# Auburn Toy Truck



## kwalker (Aug 15, 2010)

My dump from yesterday dried up pretty quick. No finds for the day from there. So I went for a walk next door to behind my neighbor's house and started finding prohabition era ("Federal law prohibits the sale and reuse of this bottle" Prohibition?) flasks and bottles. Under a few sticks I found this cute thing. The sides say "Auburn safe play Toys" and "Auburn Telephone" so this is what appears to be a telephone maintanence truck. It's made from moulded plastic and I thought these trucks were made in cast iron as well? Can anyone give me a little more information on the company, the truck itself, and possible value? It's a little crooked and warped because of the years in the dump and both axles are broken but the wheels are still on there.


----------



## JOETHECROW (Aug 15, 2010)

That's a cool little truck.


----------



## Poison_Us (Aug 15, 2010)

It sure is.  I grew up just outside of Auburn..........California.  So probably not the same place.
 Here is a look at old town....  Makes me a little homesick to brows the pix.  The most recognizable building in the area is the old firehouse.  Some artist created a painting of old town some time ago and I stumbled upon it in a gallery in the Rushmore Mall in Rapid City.  I spotted the old firehouse from across the room.  I wanted to buy it, just because.  

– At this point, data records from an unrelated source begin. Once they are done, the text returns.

Lemma is_partial_meanH i x y : U x y -> is_partial i (meanH sigma f) x y (- weingarten i 2 x y).
Proof.
  intro Hxy. apply (is_partial_ext_loc i (fun a b => - normal sigma f a b 2%nat)).
  - apply (open2_locally_mono U _ x y HU Hxy).
    intros a b Hab. symmetry. exact (Hsol a b Hab).
  - rewrite <- (Dp_normal i 2 x y) by (auto; lia). apply is_partial_opp, Dp_correct. auto with partial.
Qed.

Lemma ex_partial_meanH i x y : U x y -> ex_partial i (meanH sigma f) x y.
Proof. intro Hxy. eexists. exact (is_partial_meanH i x y Hxy). Qed.

Lemma Dp_meanH i x y : U x y -> Dp i (meanH sigma f) x y = - weingarten i 2 x y.
Proof. intro Hxy. exact (is_partial_unique _ _ _ _ _ (is_partial_meanH i x y Hxy)). Qed.

Lemma is_partial_Dp_meanH i j x y : U x y ->
  is_partial i (Dp j (meanH sigma f)) x y (- Dp i (weingarten j 2) x y).
Proof.
  intro Hxy. apply (is_partial_ext_loc i (fun a b => - weingarten j 2 a b)).
  - apply (open2_locally_mono U _ x y HU Hxy).
    intros a b Hab. symmetry. exact (Dp_meanH j a b Hab).
  - apply is_partial_opp, Dp_correct. auto with partial.
Qed.

Lemma ex_partial_Dp_meanH i j x y : U x y -> ex_partial i (Dp j (meanH sigma f)) x y.
Proof. intro Hxy. eexists. exact (is_partial_Dp_meanH i j x y Hxy). Qed.

Lemma laplacian_meanH x y : U x y ->
  laplacian f (meanH sigma f) x y = sff_normsq x y * normal sigma f x y 2%nat +
    sum2 (fun i => sum2 (fun j => ginv f i j x y * weingarten i 2 x y * Dp j (f 2%nat) x y)).
Proof.
  intro Hxy. pose proof (div_weingarten_height x y Hxy) as Hcod.
  rewrite laplacian_christoffel by (auto using ex_partial_Dp_meanH).
  unfold sum2 in *.
  rewrite !(is_partial_unique _ _ _ _ _ (is_partial_Dp_meanH _ _ x y Hxy)), !(Dp_meanH _ x y Hxy).
  rewrite !(Dp_meanH _ x y Hxy) in Hcod. lra.
Qed.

http://www.oldtownauburnca.com/list.php?cat=5&sub=5

 Oh, and this is where a good portion of Phenomenon was filmed.  Opening shot is Sacramento street.  You could see all filming stuff from the interstate.  After shooting I was in some of the shops and many had pictures of the actors and such hanging in their shops.


----------



## bottle_head9 (Aug 15, 2010)

Very cool find.[]


----------



## surfaceone (Aug 15, 2010)

Hey Kenneth,

 I really like that truck. Great recovery, and in amazing shape, considering it's previous resting place.

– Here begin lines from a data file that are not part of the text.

(* Let $m>n$ be positive integers and let $G[V_1,V_2]$ be a balanced bipartite graph on $2(m+n-1)$ vertices (so $|V_1|=|V_2|=m+n-1$) with minimum degree $\delta(G)>\frac{3}{4}(m+n-1)$. Suppose a red-blue coloring of the edges of $G$ has no red connected $m$-matching. Then there is a connected component $C$ of the blue subgraph with $|V(C)\cap V_1|\ge n$ and $|V(C)\cap V_2|\ge n$.
   Context: For a red-blue edge coloring of $G$, the red subgraph (resp. blue subgraph) is the spanning subgraph of $G$ consisting of all red (resp. blue) edges; a red (blue) component is a connected component of it. A connected $k$-matching in a graph $H$ is a matching with $k$ edges all lying in a single connected component of $H$; a red connected $k$-matching is a connected $k$-matching in the red subgraph. *)

From mathcomp Require Import all_boot.
Set Implicit Arguments. Unset Strict Implicit. Unset Printing Implicit Defensive.

Definition simple_graph (T : finType) (e : rel T) : Prop :=
  symmetric e /\ irreflexive e.

Definition bipartite_with (T : finType) (e : rel T) (V1 : {set T}) : Prop :=
  forall x y, e x y -> (x \in V1) != (y \in V1).

Definition degree (T : finType) (e : rel T) (v : T) : nat := #|[set u | e v u]|.

(* A red-blue colouring is given by a symmetric relation [red]; an edge xy of
   G is red if red x y, blue otherwise. *)
Definition red_sub (T : finType) (e red : rel T) : rel T :=
  fun x y => e x y && red x y.
Definition blue_sub (T : finType) (e red : rel T) : rel T :=
  fun x y => e x y && ~~ red x y.

Definition is_matching (T : finType) (H : rel T) (M : seq (T * T)) : Prop :=
  all (fun p => H p.1 p.2) M /\ uniq (flatten [seq [:: p.1; p.2] | p <- M]).

(* A connected k-matching in H: a matching with k edges all lying in a single
   connected component of H (the component of some vertex r). *)
Definition connected_matching (T : finType) (H : rel T) (k : nat) : Prop :=
  exists M : seq (T * T), [/\ is_matching H M, size M = k &
    exists r : T, all (fun p => connect H r p.1 && connect H r p.2) M].

From mathcomp Require Import all_boot zify.
Set Implicit Arguments. Unset Strict Implicit. Unset Printing Implicit Defensive.

(* Write N = m + n - 1.  Since every degree exceeds 3N/4, a vertex has a neighbour in
   every set of at least N/4 vertices of the other part, and two vertices of one part
   have a common neighbour in every set of at least N/2 vertices of the other part.
   So if S ⊆ P ⊆ V1 and W ⊆ Q ⊆ V2 are large enough and all edges of G between S and Q
   and between P and W are blue, these edges tie together a blue component meeting
   both parts in at least n vertices.  Such sets come from the red components.  If one
   of them meets both parts in at least m vertices, the lack of a red connected
   m-matching yields, by the König–Ore deficiency form of Hall's theorem, a cover of
   its red edges by fewer than m vertices; if one meets a part in at least n but not
   both parts in m vertices, it and the complement of its other side will do; and if
   all red components have fewer than n vertices in each part, an edge leaving the red
   component of one of its ends is blue, and its blue component is already large. *)

Lemma subset_leq_cardU (T : finType) (A B C : {set T}) :
  A \subset B :|: C -> #|A| <= #|B| + #|C|.
Proof. by move=> sA; apply: leq_trans (subset_leq_card sA) (leq_card_setU B C). Qed.

Definition comp_in (T : finType) (H : rel T) (X : {set T}) (r : T) : {set T} :=
  [set y in X | connect H r y].

Section Components.
Variables (T : finType) (H : rel T).
Implicit Types X A : {set T}.

Lemma comp_in_sub X r : comp_in H X r \subset X.
Proof. by apply/subsetP => y; rewrite inE => /andP []. Qed.

Lemma card_comp_in X A r :
  A \subset X -> {in A, forall a, connect H r a} -> #|A| <= #|comp_in H X r|.
Proof.
move=> sA Ar; apply: subset_leq_card; apply/subsetP => a aA.
by rewrite inE (subsetP sA _ aA) Ar.
Qed.

Lemma comp_in_trans X r s : connect H r s -> comp_in H X s \subset comp_in H X r.
Proof.
move=> crs; apply/subsetP => y; rewrite !inE => /andP [-> csy].
exact: connect_trans crs csy.
Qed.

End Components.

Section HallDeficiency.
Variables (T : finType) (H : rel T).
Implicit Types P Q S X Y : {set T}.

Definition verts (M : seq (T * T)) : seq T := flatten [seq [:: p.1; p.2] | p <- M].

Definition edge_between (P Q : {set T}) (p : T * T) : bool :=
  [&& p.1 \in P, p.2 \in Q & H p.1 p.2].

Definition matching_between (P Q : {set T}) (M : seq (T * T)) : bool :=
  all (edge_between P Q) M && uniq (verts M).

Definition nbhd_in (Q S : {set T}) : {set T} := [set y in Q | [exists x in S, H x y]].

Definition hall_condition (P Q : {set T}) (k : nat) : Prop :=
  forall S, S \subset P -> k <= #|P :\: S| + #|nbhd_in Q S|.

Lemma verts_cat M1 M2 : verts (M1 ++ M2) = verts M1 ++ verts M2.
Proof. by rewrite /verts map_cat flatten_cat. Qed.

Lemma mem_verts_between P Q M z :
  all (edge_between P Q) M -> z \in verts M -> (z \in P) || (z \in Q).
Proof.
elim: M => //= -[a b] M IH /andP [/and3P [/= aP bQ _] allM].
rewrite !inE => /or3P [/eqP -> | /eqP -> | zM]; rewrite ?aP ?bQ ?orbT //.
exact: IH.
Qed.

Lemma matching_betweenS P Q P' Q' M : P \subset P' -> Q \subset Q' ->
  matching_between P Q M -> matching_between P' Q' M.
Proof.
move=> sP sQ /andP [allM uM]; rewrite /matching_between uM andbT.
apply: sub_all allM => -[a b] /and3P [/= aP bQ hab].
by rewrite /edge_between /= (subsetP sP _ aP) (subsetP sQ _ bQ).
Qed.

 There's a great article on The Auburn Rubber Co. and their toys @ Toy Collector Magazine.






 There's a lesser write up @ Wiki-ville.




From.

 The "Federal Law Forbids..." language is post Prohibition, (1932-1964) and what I consider an in ground dating signal.


----------



## kwalker (Aug 15, 2010)

Thanks for those links surfaceone, they really helped and so did your help on the bottles too. This helps put an approximate age on the truck. I think the model of the truck is a '54 Ford F350. What do you think? This is a similar model of the truck outfitted with road-railer wheels.


----------